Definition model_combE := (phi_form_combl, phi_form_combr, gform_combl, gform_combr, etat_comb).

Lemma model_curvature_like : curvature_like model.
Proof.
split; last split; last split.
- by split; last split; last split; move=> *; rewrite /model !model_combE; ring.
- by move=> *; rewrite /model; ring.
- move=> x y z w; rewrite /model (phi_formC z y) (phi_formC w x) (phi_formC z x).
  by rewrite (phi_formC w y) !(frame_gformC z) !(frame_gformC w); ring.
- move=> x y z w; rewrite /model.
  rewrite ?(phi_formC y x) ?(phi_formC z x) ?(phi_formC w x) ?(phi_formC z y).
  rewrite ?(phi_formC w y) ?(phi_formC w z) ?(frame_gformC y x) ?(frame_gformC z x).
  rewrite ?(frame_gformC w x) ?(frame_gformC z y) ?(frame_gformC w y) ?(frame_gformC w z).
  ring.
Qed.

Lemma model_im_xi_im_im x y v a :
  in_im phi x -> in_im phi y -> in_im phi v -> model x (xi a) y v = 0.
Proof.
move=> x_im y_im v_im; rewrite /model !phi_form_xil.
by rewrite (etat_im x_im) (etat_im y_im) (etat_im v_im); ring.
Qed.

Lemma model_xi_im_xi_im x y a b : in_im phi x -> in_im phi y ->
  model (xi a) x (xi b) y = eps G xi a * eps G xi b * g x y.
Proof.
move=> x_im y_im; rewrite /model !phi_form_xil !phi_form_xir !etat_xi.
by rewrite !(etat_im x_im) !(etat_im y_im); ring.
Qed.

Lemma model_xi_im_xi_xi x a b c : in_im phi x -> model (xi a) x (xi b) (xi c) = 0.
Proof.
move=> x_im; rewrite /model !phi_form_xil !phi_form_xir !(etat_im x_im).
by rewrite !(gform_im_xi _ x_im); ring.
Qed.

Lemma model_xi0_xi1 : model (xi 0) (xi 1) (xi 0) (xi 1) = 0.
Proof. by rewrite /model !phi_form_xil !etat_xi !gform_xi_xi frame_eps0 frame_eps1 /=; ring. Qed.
---
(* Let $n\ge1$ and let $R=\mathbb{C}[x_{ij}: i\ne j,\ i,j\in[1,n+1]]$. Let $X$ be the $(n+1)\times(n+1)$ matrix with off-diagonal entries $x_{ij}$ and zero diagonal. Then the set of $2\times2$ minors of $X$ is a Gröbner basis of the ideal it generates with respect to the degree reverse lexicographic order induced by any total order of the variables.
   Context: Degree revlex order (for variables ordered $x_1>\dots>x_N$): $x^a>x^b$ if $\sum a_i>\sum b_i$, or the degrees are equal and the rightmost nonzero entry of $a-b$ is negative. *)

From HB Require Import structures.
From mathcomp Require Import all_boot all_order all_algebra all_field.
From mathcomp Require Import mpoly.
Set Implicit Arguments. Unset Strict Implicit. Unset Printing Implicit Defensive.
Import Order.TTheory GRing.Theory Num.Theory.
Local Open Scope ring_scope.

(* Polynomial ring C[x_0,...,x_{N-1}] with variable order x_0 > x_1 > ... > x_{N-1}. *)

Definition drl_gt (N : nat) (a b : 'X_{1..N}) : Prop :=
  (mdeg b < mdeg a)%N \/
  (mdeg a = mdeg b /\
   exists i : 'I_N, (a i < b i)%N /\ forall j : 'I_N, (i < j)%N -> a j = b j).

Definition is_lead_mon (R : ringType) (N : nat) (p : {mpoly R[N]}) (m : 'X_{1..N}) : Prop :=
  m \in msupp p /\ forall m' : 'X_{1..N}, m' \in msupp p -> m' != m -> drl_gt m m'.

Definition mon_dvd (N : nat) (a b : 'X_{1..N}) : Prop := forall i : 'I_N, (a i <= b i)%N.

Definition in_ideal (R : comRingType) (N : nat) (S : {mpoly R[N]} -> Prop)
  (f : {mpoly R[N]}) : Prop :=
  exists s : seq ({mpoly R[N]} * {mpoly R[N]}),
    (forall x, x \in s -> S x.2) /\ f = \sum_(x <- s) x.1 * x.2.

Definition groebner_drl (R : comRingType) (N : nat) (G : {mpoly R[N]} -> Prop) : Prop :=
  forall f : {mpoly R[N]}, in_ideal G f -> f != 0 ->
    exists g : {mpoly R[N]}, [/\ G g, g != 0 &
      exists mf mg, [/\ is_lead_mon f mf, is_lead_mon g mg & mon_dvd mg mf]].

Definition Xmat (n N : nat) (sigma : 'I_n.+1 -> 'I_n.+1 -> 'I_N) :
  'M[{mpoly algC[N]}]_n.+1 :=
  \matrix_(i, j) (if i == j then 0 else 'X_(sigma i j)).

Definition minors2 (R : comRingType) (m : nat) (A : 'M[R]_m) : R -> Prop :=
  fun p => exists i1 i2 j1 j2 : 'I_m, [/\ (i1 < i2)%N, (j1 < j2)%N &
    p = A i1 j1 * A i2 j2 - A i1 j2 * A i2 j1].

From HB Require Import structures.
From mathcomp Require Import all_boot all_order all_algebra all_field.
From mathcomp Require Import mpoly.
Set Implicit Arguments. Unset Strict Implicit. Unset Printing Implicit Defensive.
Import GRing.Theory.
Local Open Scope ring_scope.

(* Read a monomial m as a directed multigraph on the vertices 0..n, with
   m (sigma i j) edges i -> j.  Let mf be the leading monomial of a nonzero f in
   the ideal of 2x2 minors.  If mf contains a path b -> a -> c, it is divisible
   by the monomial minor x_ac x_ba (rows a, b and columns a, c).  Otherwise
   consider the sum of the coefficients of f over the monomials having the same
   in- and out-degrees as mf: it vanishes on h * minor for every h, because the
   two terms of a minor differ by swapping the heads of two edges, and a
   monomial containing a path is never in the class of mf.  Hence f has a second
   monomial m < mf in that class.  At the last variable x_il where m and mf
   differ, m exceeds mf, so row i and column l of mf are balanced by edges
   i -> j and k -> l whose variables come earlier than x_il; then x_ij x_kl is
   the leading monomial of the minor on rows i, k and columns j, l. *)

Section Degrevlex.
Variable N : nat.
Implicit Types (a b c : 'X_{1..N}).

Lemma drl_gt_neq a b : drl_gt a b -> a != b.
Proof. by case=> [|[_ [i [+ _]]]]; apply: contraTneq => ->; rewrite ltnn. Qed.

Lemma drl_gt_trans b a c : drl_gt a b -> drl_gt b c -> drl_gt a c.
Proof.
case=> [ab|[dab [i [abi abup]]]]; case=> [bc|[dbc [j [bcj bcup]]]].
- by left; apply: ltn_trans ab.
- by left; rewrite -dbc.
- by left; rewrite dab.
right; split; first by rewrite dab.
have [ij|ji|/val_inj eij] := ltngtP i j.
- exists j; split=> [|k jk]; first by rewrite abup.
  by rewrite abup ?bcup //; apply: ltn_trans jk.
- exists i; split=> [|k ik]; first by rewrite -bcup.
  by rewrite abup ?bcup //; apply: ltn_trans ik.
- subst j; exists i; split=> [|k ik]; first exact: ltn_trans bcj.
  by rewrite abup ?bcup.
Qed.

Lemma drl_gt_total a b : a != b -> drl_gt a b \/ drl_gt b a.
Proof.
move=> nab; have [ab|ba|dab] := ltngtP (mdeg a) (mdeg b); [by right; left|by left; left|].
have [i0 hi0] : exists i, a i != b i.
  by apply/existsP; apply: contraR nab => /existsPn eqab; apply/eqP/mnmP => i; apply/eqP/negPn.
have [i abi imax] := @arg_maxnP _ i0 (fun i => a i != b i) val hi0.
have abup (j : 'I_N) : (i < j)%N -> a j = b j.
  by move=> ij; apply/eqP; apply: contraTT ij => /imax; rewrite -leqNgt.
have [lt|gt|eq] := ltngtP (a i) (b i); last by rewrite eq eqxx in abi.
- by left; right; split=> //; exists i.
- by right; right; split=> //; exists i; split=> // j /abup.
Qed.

Activity ▸ What you return must be an exact retyping of the lines above starting at the line with "gform_combl, gform_combr, etat_comb)." and ending at the line with "move=> x_im y_im v_im;", and nothing besides.

Answer space ▸
Definition model_combE := (phi_form_combl, phi_form_combr, gform_combl, gform_combr, etat_comb).

Lemma model_curvature_like : curvature_like model.
Proof.
split; last split; last split.
- by split; last split; last split; move=> *; rewrite /model !model_combE; ring.
- by move=> *; rewrite /model; ring.
- move=> x y z w; rewrite /model (phi_formC z y) (phi_formC w x) (phi_formC z x).
  by rewrite (phi_formC w y) !(frame_gformC z) !(frame_gformC w); ring.
- move=> x y z w; rewrite /model.
  rewrite ?(phi_formC y x) ?(phi_formC z x) ?(phi_formC w x) ?(phi_formC z y).
  rewrite ?(phi_formC w y) ?(phi_formC w z) ?(frame_gformC y x) ?(frame_gformC z x).
  rewrite ?(frame_gformC w x) ?(frame_gformC z y) ?(frame_gformC w y) ?(frame_gformC w z).
  ring.
Qed.

Lemma model_im_xi_im_im x y v a :
  in_im phi x -> in_im phi y -> in_im phi v -> model x (xi a) y v = 0.
Proof.
move=> x_im y_im v_im; rewrite /model !phi_form_xil.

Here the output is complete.